Similar to Sacombank’s case, the situation is not better for the case of SCB, although the bank’s bad debt ratio is lower than Sacombank’s, reaching 5.32%. the bank’s receivables and accrued interests are huge.
For SHB, in terms of statistics, year 2019 was a fairly successful year for the bank as its bad debt ratio was lowered from 4.95 percent in the end of 2018 to 3.29%.
However, it should be noted that the bank’s “Other assets” item also suddenly soared from 632 billion dong in the end of 2018 to 4.707 trillion dong at the end of 2019.
In fact, some banks still have bad debt ratio of over three percent. Although some banks have reduced bad debt ratios, their “Receivables from selling contracts with partners” sub-item skyrocketed. This incident took place in 2018, reflecting a risk of an un substantial bad debt decline.
For the cases where the bad debt ratio is higher than three percent, the most notable case is National Citizen Commercial Joint Stock Bank (NCB).

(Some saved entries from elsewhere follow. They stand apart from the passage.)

(* Let $\mathcal{T}$ be a finite or countably infinite set, let $\prec$ be a strict total order on $\mathcal{T}$, and let $\mathbf{p}, \mathbf{q}$ be probability distributions on $\mathcal{T}$. Let $\lhd$ denote the lexicographic order on $\mathcal{T} \times [0,1]$ induced by $(\mathcal{T},\prec)$ and $([0,1],<)$. Suppose that $\Pr[(X,U_1) \lhd (Y,U_0)] \ne 1/2$, where $Y \sim \mathbf{q}$, $X \sim \mathbf{p}$, and $U_0,U_1 \sim^{\mathrm{iid}} \mathrm{Uniform}(0,1)$ are mutually independent. For each positive integer $m$, let $X_0 \sim \mathbf{q}$, $X_1,\dots,X_m \sim^{\mathrm{iid}} \mathbf{p}$, $U_0,\dots,U_m \sim^{\mathrm{iid}} \mathrm{Uniform}(0,1)$ be mutually independent, and let $R = \sum_{j=1}^m \big(\mathbb{I}[X_j \prec X_0] + \mathbb{I}[X_j = X_0, U_j < U_0]\big)$. Then for all $m \ge 1$, $R$ is not uniformly distributed on $\{0,1,\dots,m\}$.
   Context: The lexicographic order: $(x,u) \lhd (y,v)$ iff $x \prec y$, or $x = y$ and $u < v$. $\mathbb{I}[\cdot]$ denotes the indicator of an event. *)

From HB Require Import structures.
From mathcomp Require Import all_boot all_order all_algebra.
From mathcomp Require Import all_classical all_reals all_analysis.
Set Implicit Arguments. Unset Strict Implicit. Unset Printing Implicit Defensive.
Import Order.TTheory GRing.Theory Num.Theory.
Local Open Scope classical_set_scope.
Local Open Scope ring_scope.

Definition strict_total_order (T : eqType) (lt : rel T) : Prop :=
  (forall x, ~~ lt x x) /\
  (forall x y z, lt x y -> lt y z -> lt x z) /\
  (forall x y, x != y -> lt x y \/ lt y x).

Definition prob_distr (R : realType) (T : countType) (p : T -> R) : Prop :=
  (forall t, 0 <= p t) /\ (\esum_(t in [set: T]) (p t)%:E = 1)%E.

Definition lexlt (R : realType) (T : eqType) (lt : rel T) (a b : T * R) : bool :=
  lt a.1 b.1 || ((a.1 == b.1) && (a.2 < b.2)).

(* Taking A_j = setT
   or B_j = setT recovers the product rule for every subfamily. *)
Definition mutually_indep (d : measure_display) (Ω : measurableType d)
  (R : realType) (P : probability Ω R) (T : Type) (m : nat)
  (X : nat -> Ω -> T) (U : nat -> Ω -> R) : Prop :=
  forall (A : nat -> set T) (B : nat -> set R),
    (forall j, measurable (B j)) ->
    P (\bigcap_(j in [set j | (j <= m)%N]) (X j @^-1` A j `&` U j @^-1` B j))
    = (\prod_(j < m.+1) (P (X j @^-1` A j) * P (U j @^-1` B j)))%E.

Definition rank_stat (R : realType) (T : eqType) (lt : rel T) (m : nat)
  (Xv : nat -> T) (Uv : nat -> R) : nat :=
  (\sum_(1 <= j < m.+1)
     (lt (Xv j) (Xv 0%N) + ((Xv j == Xv 0%N) && (Uv j < Uv 0%N)%R)))%N.

From HB Require Import structures.
From mathcomp Require Import all_boot all_order all_algebra.
From mathcomp Require Import all_classical all_reals all_analysis.
From mathcomp Require Import measurable_realfun ring.
Import Order.TTheory GRing.Theory Num.Theory.
Local Open Scope classical_set_scope.
Local Open Scope ring_scope.
Set Implicit Arguments. Unset Strict Implicit. Unset Printing Implicit Defensive.

(* Write L_j for the event (X_j,U_j) <| (X_0,U_0). Since lt is irreflexive,
   the rank is the number of j in 1..m for which L_j occurs, so its mean is
   the sum of the P(L_j). On the fibre {X_j = a, X_0 = b}, the event L_j is a
   condition on the pair (U_j, U_0), and by independence the joint law of the
   fibre and that pair is the same for every j >= 1; summing over the countably
   many fibres gives P(L_j) = P(L_1). Hence the mean of the rank is m P(L_1),
   whereas a uniform law on {0,...,m} has mean m/2. *)

Lemma eq_measure_bigcup_countable (R : realType) d1 d2
    (T1 : measurableType d1) (T2 : measurableType d2) (I : countType)
    (mu : {measure set T1 -> \bar R}) (nu : {measure set T2 -> \bar R})
    (F : I -> set T1) (G : I -> set T2) :
  (forall i, measurable (F i)) -> (forall i, measurable (G i)) ->
  trivIset setT F -> trivIset setT G ->
  (forall i, mu (F i) = nu (G i)) ->
  mu (\bigcup_i F i) = nu (\bigcup_i G i).
Proof.
pose seq_of T (H : I -> set T) n := if pickle_inv n is Some i then H i else set0.
have bigcup_seq_of T (H : I -> set T) : \bigcup_i H i = \bigcup_n seq_of T H n.
  apply/seteqP; split => x [i _ Hx].
    by exists (pickle i) => //; rewrite /seq_of pickleK_inv.
  by move: Hx; rewrite /seq_of; case: pickle_inv => // j; exists j.
have triv_seq_of T (H : I -> set T) : trivIset setT H -> trivIset setT (seq_of T H).
  move=> /trivIsetP tH; apply/trivIsetP => n n' _ _ nn'; rewrite /seq_of.
  case En: (pickle_inv n) => [i|]; last by rewrite set0I.
  case En': (pickle_inv n') => [i'|]; last by rewrite setI0.
  apply: tH => //; apply: contra nn' => /eqP ii'.
  by rewrite -(@pickle_invK I n) -(@pickle_invK I n') En En' ii'.
have mseq_of d (T : measurableType d) (H : I -> set T) : (forall i, d.-measurable (H i)) ->
    forall n, measurable (seq_of T H n).
  by move=> mH n; rewrite /seq_of; case: pickle_inv.
move=> mF mG tF tG FG.
rewrite !bigcup_seq_of !measure_bigcup //.
- apply: eq_eseriesr => n _; rewrite /seq_of.
  by case: pickle_inv => [i|]; rewrite ?FG ?measure0.
- by move=> n _; apply: mseq_of.
- exact: triv_seq_of.
- by move=> n _; apply: mseq_of.
- exact: triv_seq_of.
Qed.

After many years of restructuring, the bad debt ratio of the bank remains extremely high (the highest among banks in terms of on-balance sheet and off-balance sheet bad debts at VAMC, excluding zero-dong banks) and has fallen very slowly over the years.
The existence of the outstanding bad debts in the past years shows that the bad debt settlement will be much more difficult, because handling secured assets is already uneasy, not to mention the market situation is currently not positive, because banks have to use a lot of resources to support customers hit by the epidemic as well as the economic recession and will have less resources for the settlement of bad debts.
As forecasted by SSI, the risk of a new bad debt cycle partly comes from the bad debts which have been restructured and revalued.”
In addition to those debts, SSI also emphasized that consumer loans are also a focus in this new bad deb cycle. They are the sub-standard debts, unsecured, and are easy to be affected when economic recession happens, because the income of borrowers will fall, while banks/ finance companies do not own the secured assets.
Another type of unsecured credit which is not through banks and finance companies is peer-to-peer lending (P2P Lending). Although no units have announced the exact number, the scale of this type of lending is said to have reach dozens of trillion dong. Since these type of loans have low standards and are not guaranteed by any intermediate party, there is a possibility that they will become bad debts and it will be very difficult to be controlled at this point of time.
Apart from the outstanding bad debts over the years and the consumer loans, in general, the loans of businesses and individuals are also at the risk of bad debt rise in the context of an economic recession caused by the Covid-19. Although the ratio of bad debt arising is lower, the size of outstanding loans is high, and thus the impact should not be underestimated.
In particular, banks with risky lending structure, unbalanced lending structure, less provisioning resources, etc. will be affected more than other banks.
Although the recession is definitely happening, but no one can be sure of the level or whether it would lead to an economic crisis or not. If the recession level is low, it may only accelerate the bad debt accumulation, the new bad debt cycle will continue in the coming years and not be serious enough to cause a great impact on the economic development and vice versa.